◆ Work instructions:
Your answer should hold only the lines from the one with "split; first exact: strong_Prel_connected." through the end of the listing below, each retyped exactly.
________
Lemma diam_strong_Prel : 3 <= m -> diam E = m - 1.
Proof.
move=> hm; have [hsym hirr] := strong_Prel_simple.
have hconn := strong_Prel_connected.
have hcard : #|{: 'I_m * 'I_3}| = 3 * m by rewrite card_prod !card_ord mulnC.
apply/eqP; rewrite eqn_leq; apply/andP; split.
  have := diam_le_card hsym hirr strong_Prel_locally_dirac hconn.
  by rewrite hcard mulKn //; apply; lia.
have h0 : 0 < m by lia.
have hm1 : m.-1 < m by lia.
set x : 'I_m * 'I_3 := (Ordinal h0, ord0); set y : 'I_m * 'I_3 := (Ordinal hm1, ord0).
have /= := strong_Prel_walk_row (walkb_dist hconn x y).
by have := dist_le_diam E x y; lia.
Qed.

End PathStrongK3.

Theorem mainTheorem9 :
  (forall (T : finType) (e : rel T),
      simple_graph e -> connected_graph e -> locally_dirac e -> 9 <= #|T| ->
      diam e <= #|T| %/ 3 - 1)
  /\
  (forall m : nat, 3 <= m ->
      simple_graph (strong (@Prel m) K3rel) /\
      connected_graph (strong (@Prel m) K3rel) /\
      locally_dirac (strong (@Prel m) K3rel) /\
      #|{: 'I_m * 'I_3}| = 3 * m /\
      diam (strong (@Prel m) K3rel) = #|{: 'I_m * 'I_3}| %/ 3 - 1 /\
      diam (strong (@Prel m) K3rel) = m - 1).
Proof.
split=> [T e [esym eirr] conn dir | m hm].
  exact: diam_le_card.
have hcard : #|{: 'I_m * 'I_3}| = 3 * m by rewrite card_prod !card_ord mulnC.
rewrite hcard mulKn // diam_strong_Prel //.
split; first exact: strong_Prel_simple.
split; first exact: strong_Prel_connected.
by split; first exact: strong_Prel_locally_dirac.
Qed.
________
◆ Output of the task:
split; first exact: strong_Prel_connected.
by split; first exact: strong_Prel_locally_dirac.
Qed.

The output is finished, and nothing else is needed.